I see. I thought you were allocating monolithic files on CephFS and building filesystems within them.
If you want to have the files directly on CephFS, the space amplification alone is going to cost you big.
What about the workload *requires* that it be file storage?
I think what Gaurav is proposing is only 3000 files *as Ceph sees them*, with a filesystem structure within each. This is very similar to a thread from around a year ago from the Software Heritage folks.
Though in one spot he describes 10 billion files total, and in another it seems like 600 billion.
Sorry for the confusion, to be more precise here, the workload looks more like: * An average of 100 million files in each volume and volumes scaling 1k volumes making it around 10 billion at minimum filesystem, with a major portion of them being files of 1-10kb * Around 1000 nested directories, with around 100, 000 files/directory * Around 100,000 I/Ops for reads and with the majority of which being append-only, read-intensive workload.
Are there any limitations to this kind of workload in CephFS or is this something we can work out? Any input would be appreciated! Thanks!
Since CSI is mentioned, I think RBD would fit.
One issue with RGW here is the object size. The 10 Billion Object project uses 64KB S3 objects and IIRC ran afoul of the min_alloc_size factor. Gaurav's files sizes are described as 1-10KB which would be subject to massive space amplification I suspect that 1KB might be an impractical value for min_alloc_size to compensate.
Gaurav, might you share more details about the nature of the workload?

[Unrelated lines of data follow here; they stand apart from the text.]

Lemma P1P2_extremal_upper k (T : finType) (E : {set {set T}}) :
  is_simple_graph E -> ex_P1P2 E < k -> #|E| <= P1P2_extremal_value k.
Proof.
move=> sE exk; have k_gt0 : 0 < k by case: k exk.
have dE : max_degree E <= k.-1.
  by rewrite -ltnS prednK //; apply: leq_ltn_trans (max_degree_le_ex_P1P2 E) exk.
have nuE : matching_number E <= k.-1.
  by rewrite -ltnS prednK //; apply: leq_ltn_trans (matching_number_le_ex_P1P2 E) exk.
apply: leq_trans (edges_le_chvatal_hanson sE dE) _.
exact: leq_trans (leq_chvatal_hanson _ nuE) (chvatal_hanson_pred_diag k_gt0).
Qed.

Lemma ex_P1P2_lt k (T : finType) (E : {set {set T}}) : 7 <= k -> is_simple_graph E ->
  max_degree E <= k.-1 -> matching_number E <= k.-1 -> ex_P1P2 E < k.
Proof.
move=> k7 sE dE nuE; apply: leq_ltn_trans (ex_P1P2_le_max sE) _.
by move: dE nuE; lia.
Qed.

Lemma P1P2_extremal_lower k : 7 <= k -> exists (T : finType) (E : {set {set T}}),
  [/\ is_simple_graph E, ex_P1P2 E < k & P1P2_extremal_value k <= #|E|].
Proof.
move=> k7; rewrite /P1P2_extremal_value; case: ifP => k_odd.
  exists _, (two_cliques k); split.
  - exact: two_cliques_simple.
  - apply: ex_P1P2_lt => //; first exact: two_cliques_simple.
      exact: max_degree_two_cliques.
    apply: leq_trans (matching_number_two_cliques k) _.
    by rewrite -[k in _ <= k.-1]odd_double_half k_odd.
  - by rewrite card_two_cliques bin2odd // -[k in k.-1./2]odd_double_half k_odd; nia.
have [m km] : exists m, k = (m.+1).*2.
  exists k./2.-1; rewrite prednK; first by rewrite -[LHS]odd_double_half k_odd.
  by rewrite half_gt0 (leq_trans _ k7).
subst k; exists _, (even_extremal m); split.
- exact: even_extremal_simple.
- apply: ex_P1P2_lt => //; first exact: even_extremal_simple.
    exact: max_degree_even_extremal.
  exact: matching_number_even_extremal.
- apply: leq_trans (card_even_extremal m); rewrite bin2odd /= ?odd_double //.
  rewrite -doubleMr divn2 !doubleK; nia.
Qed.

Theorem theorem3p20 :
  (forall (T : finType) (E : {set {set T}}),
      is_simple_graph E -> nedges E <= (max_degree E).+1 * matching_number E) /\
  (forall k : nat, 7 <= k ->
      is_E_P1P2 k (if odd k then k * k - k else k * k - (3 * k) %/ 2)).
Proof.
split=> [T E sE | k k7].
  exact: leq_trans (edges_le_chvatal_hanson sE (leqnn _)) (chvatal_hanson_le_succ _ _).
split=> [T E sE exk | b le_b]; first exact: P1P2_extremal_upper exk.
have [T [E [sE exk le_E]]] := P1P2_extremal_lower k7.
exact: leq_trans le_E (le_b T E sE exk).
Qed.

As I understand it the workload you describe is way more suitable for object (S3) storage than for file. These numbers were also tested successfully with RGW. Hey Cephers, We have a CephFS use case with the following workload requirements with around 10 Billion small sized files each around 1 to 10 kb Workloads might be very write intensive. For example when we need to perform backup recovery that writes hundreds of millions of files or large-scale imports that also happen from time to time. Hierarchy is the following: CephFS CSI Kubernetes volumes that can reach a billion or more files each. We expect up to 100,000 files/directories.

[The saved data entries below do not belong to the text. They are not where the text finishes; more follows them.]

(* In the standing setting, let $(A,B,R,\sigma)$ be a normalized context. If $(\chi_X,\chi_Y)\in\mathcal{FC}$ with $\varnothing\ne X\subsetneq B$ and $\varnothing\ne Y\subsetneq A$, then $(\chi_{B\setminus X},\chi_{A\setminus Y})\in\mathcal{FC}$.
   Context: Adjoint triple: for posets $(P_1,\le_1),(P_2,\le_2),(P_3,\le_3)$, maps $\&\colon P_1\times P_2\to P_3$, $\swarrow\colon P_3\times P_2\to P_1$, $\nwarrow\colon P_3\times P_1\to P_2$ with $x\le_1 z\swarrow y \iff x\,\&\,y\le_3 z \iff y\le_2 z\nwarrow x$ for all $x,y,z$. For lower-bounded posets, $\&$ has zero-divisors if there are $x\ne\bot_1$, $y\neq\bot_2$ with $x\,\&\,y=\bot_3$. Standing setting: $(L_1,\preceq_1,\bot_1,\top_1)$ and $(L_2,\preceq_2,\bot_2,\top_2)$ are complete lattices and $(P,\le,\bot,\top)$ is a bounded poset. A multi-adjoint frame consists of adjoint triples $(\&_i,\swarrow^i,\nwarrow_i)$, $i=1,\dots,n$, with respect to $L_1,L_2,P$; a property-oriented frame consists of adjoint triples $(\&^p_j,\swarrow_p^j,\nwarrow^p_j)$, $j=1,\dots,m$, with respect to $P,L_2,L_1$; an object-oriented frame consists of adjoint triples $(\&^o_k,\swarrow_o^k,\nwarrow^o_k)$, $k=1,\dots,s$, with respect to $L_1,P,L_2$. All conjunctors $\&_i,\&^p_j,\&^o_k$ have no zero-divisors. A context $(A,B,R,\sigma)$ consists of non-empty sets $A,B$, $R\colon A\times B\to P$, and maps $\sigma,\sigma_p,\sigma_o$ from $A\times B$ to the index sets of the three frames. It is normalized if every $a\in A$ has $b_1,b_2\in B$ with $R(a,b_1)\ne\bot$, $R(a,b_2)=\bot$, and every $b\in B$ has $a_1,a_2\in A$ with $R(a_1,b)\neq\bot$, $R(a_2,b)=\bot$. Fuzzy necessity operators: $g^{\uparrow_N}(a)=\inf\{g(b)\swarrow_o^{\sigma_o(a,b)}R(a,b)\mid b\in B\}$ for $g\in L_2^B$, and $f^{\downarrow^N}(b)=\inf\{f(a)\nwarrow^p_{\sigma_p(a,b)}R(a,b)\mid a\in A\}$ for $f\in L_1^A$. $\mathcal F_N=\{(g,f)\mid g\in L_2^B,\ f\in L_1^A,\ g^{\uparrow_N}=f,\ f^{\downarrow^N}=g\}$. For $X\subseteq B$, $\chi_X\in L_2^B$ takes value $\top_2$ on $X$ and $\bot_2$ elsewhere; for $Y\subseteq A$, $\chi_Y\in L_1^A$ takes value $\top_1$ on $Y$ and $\bot_1$ elsewhere. $\mathcal{FC}=\{(\chi_X,\chi_Y)\in\mathcal F_N\mid \varnothing\ne X\subsetneq B,\ \varnothing\neq Y\subsetneq A\}$. *)

From mathcomp Require Import all_boot.
Set Implicit Arguments.
Unset Strict Implicit.
Unset Printing Implicit Defensive.

Record CLattice := {
  cl_car :> Type;
  cl_le : cl_car -> cl_car -> Prop;
  cl_refl : forall x, cl_le x x;
  cl_antisym : forall x y, cl_le x y -> cl_le y x -> x = y;
  cl_trans : forall x y z, cl_le x y -> cl_le y z -> cl_le x z;
  cl_inf : (cl_car -> Prop) -> cl_car;
  cl_inf_lb : forall (S : cl_car -> Prop) x, S x -> cl_le (cl_inf S) x;
  cl_inf_glb : forall (S : cl_car -> Prop) y,
      (forall x, S x -> cl_le y x) -> cl_le y (cl_inf S)
}.

Definition cl_bot (L : CLattice) : L := cl_inf (fun _ => True).
Definition cl_top (L : CLattice) : L := cl_inf (fun _ => False).

Record BPoset := {
  bp_car :> Type;
  bp_le : bp_car -> bp_car -> Prop;
  bp_refl : forall x, bp_le x x;
  bp_antisym : forall x y, bp_le x y -> bp_le y x -> x = y;
  bp_trans : forall x y z, bp_le x y -> bp_le y z -> bp_le x z;
  bp_bot : bp_car;
  bp_top : bp_car;
  bp_bot_le : forall x, bp_le bp_bot x;
  bp_le_top : forall x, bp_le x bp_top
}.

Definition adjoint_triple {T1 T2 T3 : Type}
  (le1 : T1 -> T1 -> Prop) (le2 : T2 -> T2 -> Prop) (le3 : T3 -> T3 -> Prop)
  (conj : T1 -> T2 -> T3) (sw : T3 -> T2 -> T1) (nw : T3 -> T1 -> T2) : Prop :=
  forall x y z, (le1 x (sw z y) <-> le3 (conj x y) z) /\
                (le3 (conj x y) z <-> le2 y (nw z x)).

Definition no_zero_divisors {T1 T2 T3 : Type} (b1 : T1) (b2 : T2) (b3 : T3)
  (conj : T1 -> T2 -> T3) : Prop :=
  ~ (exists x y, x <> b1 /\ y <> b2 /\ conj x y = b3).

Record Setting := {
  L1 : CLattice;
  L2 : CLattice;
  P : BPoset;
  nn : nat;
  ma_conj : 'I_nn -> L1 -> L2 -> P;
  ma_sw : 'I_nn -> P -> L2 -> L1;
  ma_nw : 'I_nn -> P -> L1 -> L2;
  ma_adj : forall i, adjoint_triple (@cl_le L1) (@cl_le L2) (@bp_le P)
                       (ma_conj i) (ma_sw i) (ma_nw i);
  ma_nzd : forall i, no_zero_divisors (cl_bot L1) (cl_bot L2) (bp_bot P) (ma_conj i);
  mm : nat;
  p_conj : 'I_mm -> P -> L2 -> L1;
  p_sw : 'I_mm -> L1 -> L2 -> P;
  p_nw : 'I_mm -> L1 -> P -> L2;
  p_adj : forall j, adjoint_triple (@bp_le P) (@cl_le L2) (@cl_le L1)
                      (p_conj j) (p_sw j) (p_nw j);
  p_nzd : forall j, no_zero_divisors (bp_bot P) (cl_bot L2) (cl_bot L1) (p_conj j);
  ss : nat;
  o_conj : 'I_ss -> L1 -> P -> L2;
  o_sw : 'I_ss -> L2 -> P -> L1;
  o_nw : 'I_ss -> L2 -> L1 -> P;
  o_adj : forall k, adjoint_triple (@cl_le L1) (@bp_le P) (@cl_le L2)
                      (o_conj k) (o_sw k) (o_nw k);
  o_nzd : forall k, no_zero_divisors (cl_bot L1) (bp_bot P) (cl_bot L2) (o_conj k)
}.

Record Context (S : Setting) := {
  cA : Type;
  cB : Type;
  cA_ne : inhabited cA;
  cB_ne : inhabited cB;
  cR : cA -> cB -> P S;
  csigma : cA -> cB -> 'I_(nn S);
  csigma_p : cA -> cB -> 'I_(mm S);
  csigma_o : cA -> cB -> 'I_(ss S)
}.

Definition normalized (S : Setting) (K : Context S) : Prop :=
  (forall a : cA K, (exists b1, cR a b1 <> bp_bot (P S)) /\
                    (exists b2, cR a b2 = bp_bot (P S))) /\
  (forall b : cB K, (exists a1, cR a1 b <> bp_bot (P S)) /\
                    (exists a2, cR a2 b = bp_bot (P S))).

Definition up_N (S : Setting) (K : Context S) (g : cB K -> L2 S) : cA K -> L1 S :=
  fun a => cl_inf (fun x => exists b, x = o_sw (csigma_o a b) (g b) (cR a b)).

Definition down_N (S : Setting) (K : Context S) (f : cA K -> L1 S) : cB K -> L2 S :=
  fun b => cl_inf (fun y => exists a, y = p_nw (csigma_p a b) (f a) (cR a b)).

Definition in_FN (S : Setting) (K : Context S)
  (g : cB K -> L2 S) (f : cA K -> L1 S) : Prop :=
  up_N g = f /\ down_N f = g.

Definition chiB (S : Setting) (K : Context S) (X : pred (cB K)) : cB K -> L2 S :=
  fun b => if X b then cl_top (L2 S) else cl_bot (L2 S).
Definition chiA (S : Setting) (K : Context S) (Y : pred (cA K)) : cA K -> L1 S :=
  fun a => if Y a then cl_top (L1 S) else cl_bot (L1 S).

Definition nonempty_proper {T : Type} (X : pred T) : Prop :=
  (exists t, X t) /\ (exists t, ~~ X t).

Definition in_FC (S : Setting) (K : Context S) (X : pred (cB K)) (Y : pred (cA K)) : Prop :=
  in_FN (chiB X) (chiA Y) /\ nonempty_proper X /\ nonempty_proper Y.

(* Over a normalized context, a crisp pair (chi_X, chi_Y) is a concept exactly
   when X and Y are unions of the same blocks of R: R a b <> bot forces
   (b \in X) = (a \in Y).  Indeed a single b outside X with R a b <> bot makes
   the necessity operator drop to bot at a, since the conjunctors have no
   zero-divisors, and normalization supplies such a b for every a (and dually).
   The block condition is invariant under complementing both X and Y.  When
   the lattices are one-point, every pair is a concept. *)

From Stdlib Require Import Classical FunctionalExtensionality.
From mathcomp Require Import all_boot.
Set Implicit Arguments.
Unset Strict Implicit.

Lemma cl_bot_le (L : CLattice) (x : L) : cl_le (cl_bot L) x.
Proof. exact: cl_inf_lb. Qed.

Lemma cl_le_top (L : CLattice) (x : L) : cl_le x (cl_top L).
Proof. by apply: cl_inf_glb => ? []. Qed.

Lemma cl_le_bot_eq (L : CLattice) (x : L) : cl_le x (cl_bot L) -> x = cl_bot L.
Proof. by move=> le_x_bot; apply: cl_antisym => //; apply: cl_bot_le. Qed.

Lemma cl_top_eq (L : CLattice) (x : L) : cl_le (cl_top L) x -> x = cl_top L.
Proof. by move=> le_top_x; apply: cl_antisym => //; apply: cl_le_top. Qed.

Lemma cl_trivial (L : CLattice) : cl_top L = cl_bot L -> forall x y : L, x = y.
Proof.
move=> top_bot.
suff all_bot (x : L) : x = cl_bot L by move=> x y; rewrite (all_bot x) (all_bot y).
by apply: cl_le_bot_eq; rewrite -top_bot; apply: cl_le_top.
Qed.

Lemma cl_inf_top (L : CLattice) (A : L -> Prop) :
  (forall x, A x -> x = cl_top L) -> cl_inf A = cl_top L.
Proof. by move=> A_top; apply: cl_top_eq; apply: cl_inf_glb => x /A_top ->; apply: cl_refl. Qed.

Lemma cl_inf_bot (L : CLattice) (A : L -> Prop) : A (cl_bot L) -> cl_inf A = cl_bot L.
Proof. by move=> A_bot; apply: cl_le_bot_eq; apply: cl_inf_lb. Qed.

Lemma adjoint_triple_swap (T1 T2 T3 : Type) (le1 : T1 -> T1 -> Prop)
    (le2 : T2 -> T2 -> Prop) (le3 : T3 -> T3 -> Prop)
    (conj : T1 -> T2 -> T3) (sw : T3 -> T2 -> T1) (nw : T3 -> T1 -> T2) :
  adjoint_triple le1 le2 le3 conj sw nw ->
  adjoint_triple le2 le1 le3 (fun y x => conj x y) nw sw.
Proof. by move=> adj y x z; have [? ?] := adj x y z; split; apply: iff_sym. Qed.

Lemma no_zero_divisors_swap (T1 T2 T3 : Type) (b1 : T1) (b2 : T2) (b3 : T3)
    (conj : T1 -> T2 -> T3) :
  no_zero_divisors b1 b2 b3 conj -> no_zero_divisors b2 b1 b3 (fun y x => conj x y).
Proof. by move=> nzd [y [x [? [? ?]]]]; apply: nzd; exists x, y. Qed.

Section ResiduatedImplication.

Variables (L1 L3 : CLattice) (T2 : Type) (le2 : T2 -> T2 -> Prop) (bot2 : T2).
Hypothesis bot2_le : forall y, le2 bot2 y.
Variables (conj : L1 -> T2 -> L3) (sw : L3 -> T2 -> L1) (nw : L3 -> L1 -> T2).
Hypothesis adj : adjoint_triple (@cl_le L1) le2 (@cl_le L3) conj sw nw.
Hypothesis nzd : no_zero_divisors (cl_bot L1) bot2 (cl_bot L3) conj.

Lemma sw_top y : sw (cl_top L3) y = cl_top L1.
Proof. by apply: cl_top_eq; apply/(proj1 (adj _ _ _)); apply: cl_le_top. Qed.

Lemma sw_bot_bot : sw (cl_bot L3) bot2 = cl_top L1.
Proof.
apply: cl_top_eq; apply/(proj1 (adj _ _ _)); apply/(proj2 (adj _ _ _)).
exact: bot2_le.
Qed.

Lemma sw_bot y : y <> bot2 -> sw (cl_bot L3) y = cl_bot L1.
Proof.
move=> y_neq0; apply: NNPP => sw_neq0; apply: nzd.
exists (sw (cl_bot L3) y), y; split=> //; split=> //.
by apply: cl_le_bot_eq; apply/(proj1 (adj _ _ _)); apply: cl_refl.
Qed.

End ResiduatedImplication.

Section CrispConcepts.

Variables (S : Setting) (K : Context S).

Notation botP := (bp_bot (P S)).

Let o_sw_top k r := sw_top (@o_adj S k) r.
Let o_sw_bot_bot k := sw_bot_bot (@bp_bot_le (P S)) (@o_adj S k).
Let o_sw_bot k r := sw_bot (@o_adj S k) (@o_nzd S k) (y := r).
Let p_nw_top j r := sw_top (adjoint_triple_swap (@p_adj S j)) r.
Let p_nw_bot_bot j := sw_bot_bot (@bp_bot_le (P S)) (adjoint_triple_swap (@p_adj S j)).
Let p_nw_bot j r :=
  sw_bot (adjoint_triple_swap (@p_adj S j)) (no_zero_divisors_swap (@p_nzd S j)) (y := r).

Lemma up_N_chiB_top (X : pred (cB K)) a :
  (forall b, X b \/ cR a b = botP) -> up_N (chiB X) a = cl_top _.
Proof.
move=> X_or_R0; apply: cl_inf_top => _ [b ->]; rewrite /chiB.
case: (X_or_R0 b) => [-> | ->]; first exact: o_sw_top.
by case: (X b); [apply: o_sw_top | apply: o_sw_bot_bot].
Qed.

Lemma up_N_chiB_bot (X : pred (cB K)) a b :
  ~~ X b -> cR a b <> botP -> up_N (chiB X) a = cl_bot _.
Proof. by move=> nXb R_neq0; apply: cl_inf_bot; exists b; rewrite /chiB (negbTE nXb) o_sw_bot. Qed.

Lemma down_N_chiA_top (Y : pred (cA K)) b :
  (forall a, Y a \/ cR a b = botP) -> down_N (chiA Y) b = cl_top _.
Proof.
move=> Y_or_R0; apply: cl_inf_top => _ [a ->]; rewrite /chiA.
case: (Y_or_R0 a) => [-> | ->]; first exact: p_nw_top.
by case: (Y a); [apply: p_nw_top | apply: p_nw_bot_bot].
Qed.

Lemma down_N_chiA_bot (Y : pred (cA K)) a b :
  ~~ Y a -> cR a b <> botP -> down_N (chiA Y) b = cl_bot _.
Proof. by move=> nYa R_neq0; apply: cl_inf_bot; exists a; rewrite /chiA (negbTE nYa) p_nw_bot. Qed.

Definition R_closed (X : pred (cB K)) (Y : pred (cA K)) : Prop :=
  forall a b, cR a b <> botP -> X b = Y a.

Lemma R_closedC X Y : R_closed X Y -> R_closed (fun b => ~~ X b) (fun a => ~~ Y a).
Proof. by move=> clXY a b /clXY ->. Qed.

Lemma in_FN_R_closed X Y :
  cl_top (L1 S) <> cl_bot _ -> cl_top (L2 S) <> cl_bot _ ->
  in_FN (chiB X) (chiA Y) -> R_closed X Y.
Proof.
move=> L1_nontriv L2_nontriv [upXY downYX] a b R_neq0.
case Xb: (X b); case Ya: (Y a) => //.
- by have := down_N_chiA_bot (negbT Ya) R_neq0; rewrite downYX /chiB Xb.
- by have := up_N_chiB_bot (negbT Xb) R_neq0; rewrite upXY /chiA Ya.
Qed.

Lemma R_closed_in_FN X Y :
  normalized K -> R_closed X Y -> in_FN (chiB X) (chiA Y).
Proof.
move=> [normA normB] clXY; split; apply: functional_extensionality.
- move=> a; rewrite /chiA; case Ya: (Y a).
    apply: up_N_chiB_top => b.
    by case: (classic (cR a b = botP)) => [|/clXY ->]; [right | left].
  have [[b R_neq0] _] := normA a.
  by apply: (up_N_chiB_bot _ R_neq0); rewrite (clXY _ _ R_neq0) Ya.
- move=> b; rewrite /chiB; case Xb: (X b).
    apply: down_N_chiA_top => a.
    by case: (classic (cR a b = botP)) => [|/clXY <-]; [right | left].
  have [[a R_neq0] _] := normB b.
  by apply: (down_N_chiA_bot _ R_neq0); rewrite -(clXY _ _ R_neq0) Xb.
Qed.

Lemma trivial_L1_iff_L2 (j : 'I_(mm S)) (k : 'I_(ss S)) (r : P S) :
  r <> botP -> cl_top (L1 S) = cl_bot _ <-> cl_top (L2 S) = cl_bot _.
Proof.
move=> r_neq0; split=> triv; apply: NNPP => nontriv.
- by apply: (@p_nzd S j); exists r, (cl_top _); do 2!split=> //; apply: cl_trivial.
- by apply: (@o_nzd S k); exists (cl_top _), r; do 2!split=> //; apply: cl_trivial.
Qed.

Lemma in_FN_trivial g f :
  cl_top (L1 S) = cl_bot _ -> cl_top (L2 S) = cl_bot _ -> @in_FN S K g f.
Proof. by move=> triv1 triv2; split; apply: functional_extensionality => x; apply: cl_trivial. Qed.

End CrispConcepts.

Lemma nonempty_properC (T : Type) (X : pred T) :
  nonempty_proper X -> nonempty_proper (fun t => ~~ X t).
Proof. by move=> [[x Xx] [y nXy]]; split; [exists y | exists x; rewrite negbK]. Qed.

Theorem mainTheorem7 (S : Setting) (K : Context S)
  (X : pred (cB K)) (Y : pred (cA K)) :
  normalized K ->
  in_FC X Y ->
  in_FC (fun b => ~~ X b) (fun a => ~~ Y a).
Proof.
move=> normK [FN_XY [propX propY]].
split; last by split; apply: nonempty_properC.
have [a0] := cA_ne K; have [[b0 R_neq0] _] := normK.1 a0.
have triv12 := trivial_L1_iff_L2 (csigma_p a0 b0) (csigma_o a0 b0) R_neq0.
case: (classic (cl_top (L1 S) = cl_bot _)) => [triv1 | nontriv1].
  by apply: in_FN_trivial triv1 (triv12.1 triv1).
apply: R_closed_in_FN normK _; apply: R_closedC.
by apply: in_FN_R_closed FN_XY => // /triv12.2.
Qed.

Overall it would consist of 3000 CephFS volumes each of size about 20 to 30 TB based on PVC each having about 200 million files. While having a discussion with Dan he mentioned one fear about one FS with 10B files is that it would be impractical to scrub -- it would take too long. And suggested that we should split this into several small clusters for this particular reason alone. We are looking forward to documentation, case studies and MDS tuning, configuration references as well as examples if anyone has any knowledge or suggestions about such a workload. We also want to understand if there are any limitations as well if anyone has tested such a kind of workload in a Ceph cluster.